Saved entries:
++++++++++++++++++++

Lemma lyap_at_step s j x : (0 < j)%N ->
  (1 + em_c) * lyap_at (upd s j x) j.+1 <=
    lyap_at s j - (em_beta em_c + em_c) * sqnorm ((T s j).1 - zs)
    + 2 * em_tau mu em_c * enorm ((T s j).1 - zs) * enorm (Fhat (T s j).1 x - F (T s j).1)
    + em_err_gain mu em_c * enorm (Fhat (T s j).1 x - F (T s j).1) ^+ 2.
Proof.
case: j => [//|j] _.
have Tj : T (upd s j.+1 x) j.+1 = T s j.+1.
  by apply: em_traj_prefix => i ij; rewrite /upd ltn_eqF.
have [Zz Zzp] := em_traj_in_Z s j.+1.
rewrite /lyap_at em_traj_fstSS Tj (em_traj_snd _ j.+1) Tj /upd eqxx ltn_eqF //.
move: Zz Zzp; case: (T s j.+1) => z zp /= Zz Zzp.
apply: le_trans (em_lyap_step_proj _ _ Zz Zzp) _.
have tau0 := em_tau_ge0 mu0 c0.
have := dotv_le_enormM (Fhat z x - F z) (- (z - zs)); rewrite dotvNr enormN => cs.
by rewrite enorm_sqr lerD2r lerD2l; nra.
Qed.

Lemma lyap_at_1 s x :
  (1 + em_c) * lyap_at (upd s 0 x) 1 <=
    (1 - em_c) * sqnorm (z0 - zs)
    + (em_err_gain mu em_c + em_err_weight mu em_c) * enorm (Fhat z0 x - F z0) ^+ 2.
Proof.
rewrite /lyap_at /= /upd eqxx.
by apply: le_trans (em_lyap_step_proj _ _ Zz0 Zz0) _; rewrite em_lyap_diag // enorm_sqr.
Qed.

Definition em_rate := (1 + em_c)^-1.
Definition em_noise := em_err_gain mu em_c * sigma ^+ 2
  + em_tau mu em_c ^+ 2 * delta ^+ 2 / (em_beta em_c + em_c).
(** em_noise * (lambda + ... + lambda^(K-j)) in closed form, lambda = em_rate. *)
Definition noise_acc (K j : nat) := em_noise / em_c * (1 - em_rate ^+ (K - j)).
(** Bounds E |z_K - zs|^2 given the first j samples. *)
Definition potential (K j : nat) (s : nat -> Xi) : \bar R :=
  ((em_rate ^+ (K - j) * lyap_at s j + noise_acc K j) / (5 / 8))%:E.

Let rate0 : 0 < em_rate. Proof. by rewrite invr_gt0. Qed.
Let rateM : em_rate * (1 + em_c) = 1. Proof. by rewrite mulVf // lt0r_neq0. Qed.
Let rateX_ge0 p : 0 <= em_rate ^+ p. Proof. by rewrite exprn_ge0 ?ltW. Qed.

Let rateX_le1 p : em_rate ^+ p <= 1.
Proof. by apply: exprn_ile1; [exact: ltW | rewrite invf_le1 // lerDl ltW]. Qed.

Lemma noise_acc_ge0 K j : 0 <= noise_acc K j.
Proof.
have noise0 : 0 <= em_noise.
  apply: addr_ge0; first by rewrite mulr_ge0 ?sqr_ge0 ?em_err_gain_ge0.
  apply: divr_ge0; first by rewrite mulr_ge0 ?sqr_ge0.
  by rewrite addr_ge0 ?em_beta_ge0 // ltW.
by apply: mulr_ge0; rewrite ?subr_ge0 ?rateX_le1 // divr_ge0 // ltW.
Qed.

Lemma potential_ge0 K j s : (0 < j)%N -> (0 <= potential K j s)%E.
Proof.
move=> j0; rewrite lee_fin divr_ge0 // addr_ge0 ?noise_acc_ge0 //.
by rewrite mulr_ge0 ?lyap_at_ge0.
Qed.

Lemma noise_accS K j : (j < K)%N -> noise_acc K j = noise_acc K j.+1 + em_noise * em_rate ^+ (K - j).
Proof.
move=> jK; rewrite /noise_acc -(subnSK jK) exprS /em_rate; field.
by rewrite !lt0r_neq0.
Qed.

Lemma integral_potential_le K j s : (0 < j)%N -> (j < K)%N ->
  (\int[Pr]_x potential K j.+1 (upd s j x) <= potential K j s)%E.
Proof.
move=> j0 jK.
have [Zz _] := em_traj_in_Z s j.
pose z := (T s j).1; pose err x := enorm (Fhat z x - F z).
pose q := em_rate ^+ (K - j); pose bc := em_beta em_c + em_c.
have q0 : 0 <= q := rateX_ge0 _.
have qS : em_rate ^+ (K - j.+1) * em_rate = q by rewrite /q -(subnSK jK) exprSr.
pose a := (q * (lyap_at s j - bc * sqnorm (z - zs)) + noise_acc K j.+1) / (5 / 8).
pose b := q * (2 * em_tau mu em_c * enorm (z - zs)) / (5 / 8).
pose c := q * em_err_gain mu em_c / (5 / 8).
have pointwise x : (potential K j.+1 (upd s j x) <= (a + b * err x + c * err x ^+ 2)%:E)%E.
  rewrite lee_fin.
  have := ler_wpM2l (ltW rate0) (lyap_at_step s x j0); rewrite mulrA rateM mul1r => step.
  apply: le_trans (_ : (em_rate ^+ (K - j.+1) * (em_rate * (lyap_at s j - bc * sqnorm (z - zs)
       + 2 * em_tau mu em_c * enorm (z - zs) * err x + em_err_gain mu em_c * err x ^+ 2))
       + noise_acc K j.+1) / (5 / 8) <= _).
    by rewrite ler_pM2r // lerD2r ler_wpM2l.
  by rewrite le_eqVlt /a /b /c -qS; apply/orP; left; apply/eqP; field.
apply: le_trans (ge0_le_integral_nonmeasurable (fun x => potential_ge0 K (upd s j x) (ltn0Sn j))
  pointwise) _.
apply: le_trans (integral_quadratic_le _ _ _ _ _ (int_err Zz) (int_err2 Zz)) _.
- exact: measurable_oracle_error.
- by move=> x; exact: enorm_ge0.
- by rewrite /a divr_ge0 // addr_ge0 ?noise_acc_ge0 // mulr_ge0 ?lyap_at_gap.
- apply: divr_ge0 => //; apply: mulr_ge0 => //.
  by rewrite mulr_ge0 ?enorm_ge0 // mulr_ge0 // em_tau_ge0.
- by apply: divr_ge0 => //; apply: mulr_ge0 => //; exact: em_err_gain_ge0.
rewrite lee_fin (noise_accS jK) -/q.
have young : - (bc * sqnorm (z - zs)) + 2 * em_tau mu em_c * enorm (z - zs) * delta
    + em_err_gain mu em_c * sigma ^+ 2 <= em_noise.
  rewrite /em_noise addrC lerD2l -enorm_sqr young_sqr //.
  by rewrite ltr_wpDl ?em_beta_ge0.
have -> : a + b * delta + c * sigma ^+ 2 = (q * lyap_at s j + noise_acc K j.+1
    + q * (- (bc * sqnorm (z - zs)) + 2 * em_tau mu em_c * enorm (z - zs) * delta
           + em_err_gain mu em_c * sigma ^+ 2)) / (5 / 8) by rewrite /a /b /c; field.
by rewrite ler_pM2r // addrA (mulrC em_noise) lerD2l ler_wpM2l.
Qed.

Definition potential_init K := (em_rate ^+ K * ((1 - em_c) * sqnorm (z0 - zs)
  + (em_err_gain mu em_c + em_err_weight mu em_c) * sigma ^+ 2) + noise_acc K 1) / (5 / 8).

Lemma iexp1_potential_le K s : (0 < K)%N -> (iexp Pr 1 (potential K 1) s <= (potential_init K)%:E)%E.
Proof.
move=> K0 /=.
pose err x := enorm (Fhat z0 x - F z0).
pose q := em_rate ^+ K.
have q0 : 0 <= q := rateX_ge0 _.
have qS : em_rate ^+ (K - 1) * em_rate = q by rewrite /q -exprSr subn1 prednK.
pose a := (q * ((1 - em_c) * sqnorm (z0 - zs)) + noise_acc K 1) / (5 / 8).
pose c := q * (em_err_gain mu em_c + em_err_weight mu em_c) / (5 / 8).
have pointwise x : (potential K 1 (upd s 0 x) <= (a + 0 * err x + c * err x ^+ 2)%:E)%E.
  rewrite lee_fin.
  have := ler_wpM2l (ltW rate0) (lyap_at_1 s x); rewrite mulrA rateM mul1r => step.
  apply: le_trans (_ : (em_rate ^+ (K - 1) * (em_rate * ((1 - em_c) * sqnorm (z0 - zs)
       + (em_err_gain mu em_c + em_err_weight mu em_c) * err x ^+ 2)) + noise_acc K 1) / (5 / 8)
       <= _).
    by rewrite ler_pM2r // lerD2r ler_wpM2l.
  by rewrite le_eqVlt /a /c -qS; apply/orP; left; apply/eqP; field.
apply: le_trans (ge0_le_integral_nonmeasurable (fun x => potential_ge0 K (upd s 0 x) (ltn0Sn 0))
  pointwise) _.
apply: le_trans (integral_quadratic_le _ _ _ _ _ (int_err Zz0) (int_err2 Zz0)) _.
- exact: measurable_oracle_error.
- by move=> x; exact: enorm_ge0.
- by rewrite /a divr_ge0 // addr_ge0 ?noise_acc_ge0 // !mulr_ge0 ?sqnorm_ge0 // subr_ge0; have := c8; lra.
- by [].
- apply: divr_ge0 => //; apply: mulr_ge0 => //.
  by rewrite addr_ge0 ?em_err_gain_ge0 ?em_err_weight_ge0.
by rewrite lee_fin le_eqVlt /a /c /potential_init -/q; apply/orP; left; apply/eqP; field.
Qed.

++++++++++++++++++++

Your reply is to repeat, unchanged, the lines above running from the one with "by rewrite !lt0r_neq0." up to and including the one with "have qS : em_rate ^+ (K - j.+1)".

== Output of the exercise ==
by rewrite !lt0r_neq0.
Qed.

Lemma integral_potential_le K j s : (0 < j)%N -> (j < K)%N ->
  (\int[Pr]_x potential K j.+1 (upd s j x) <= potential K j s)%E.
Proof.
move=> j0 jK.
have [Zz _] := em_traj_in_Z s j.
pose z := (T s j).1; pose err x := enorm (Fhat z x - F z).
pose q := em_rate ^+ (K - j); pose bc := em_beta em_c + em_c.
have q0 : 0 <= q := rateX_ge0 _.
have qS : em_rate ^+ (K - j.+1) * em_rate = q by rewrite /q -(subnSK jK) exprSr.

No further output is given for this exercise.